◆ **Brief**: Restate exactly, and only, the lines from the one containing "(forall x, 0" through the end of the entries, keeping both endpoints.

◆ **Data under study**:
....
Lemma measurable_fun_lebint n d (X : measurableType d)
    (f : X -> n.-tuple R -> \bar R) :
  (forall x y, 0 <= f x y) ->
  measurable_fun setT (fun z : X * n.-tuple R => f z.1 z.2) ->
  measurable_fun setT (fun x => lebint (f x)).
Proof.
elim: n d X f => [|n IH] d X f f0 mf /=.
  change (measurable_fun setT
    ((fun z : X * 0.-tuple R => f z.1 z.2) \o (fun x => (x, [tuple])))).
  by apply: measurableT_comp mf _; exact: measurable_fun_pair.
pose g (z : X * R) := lebint (fun y => f z.1 (cons_tuple z.2 y)).
have mg : measurable_fun setT g.
  apply: IH => [z y|]; first exact: f0.
  change (measurable_fun setT ((fun z : X * n.+1.-tuple R => f z.1 z.2) \o
    (fun z : (X * R) * n.-tuple R => (z.1.1, cons_tuple z.1.2 z.2)))).
  apply: measurableT_comp mf _; apply: measurable_fun_pair.
    exact: measurableT_comp measurable_fst measurable_fst.
  apply: measurable_cons => //.
  exact: measurableT_comp measurable_snd measurable_fst.
exact: (@measurable_fun_fubini_tonelli_F _ _ X _ R lebesgue_measure g mg
  (fun z => lebint_ge0 (fun y => f0 z.1 _))).
Qed.

Lemma measurable_fun_lebint_cons n (f : n.+1.-tuple R -> \bar R) :
  (forall x, 0 <= f x) -> measurable_fun setT f ->
  measurable_fun setT (fun t => lebint (fun y => f (cons_tuple t y))).
Proof.
move=> f0 mf; apply: (@measurable_fun_lebint n _ _ (fun t y => f (cons_tuple t y))).
  by move=> *; exact: f0.
by apply: measurableT_comp mf _; exact: measurable_cons.
Qed.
....
◆ **Result of the exercise**:
  (forall x, 0 <= f x) -> measurable_fun setT f ->
  measurable_fun setT (fun t => lebint (fun y => f (cons_tuple t y))).
Proof.
move=> f0 mf; apply: (@measurable_fun_lebint n _ _ (fun t y => f (cons_tuple t y))).
  by move=> *; exact: f0.
by apply: measurableT_comp mf _; exact: measurable_cons.
Qed.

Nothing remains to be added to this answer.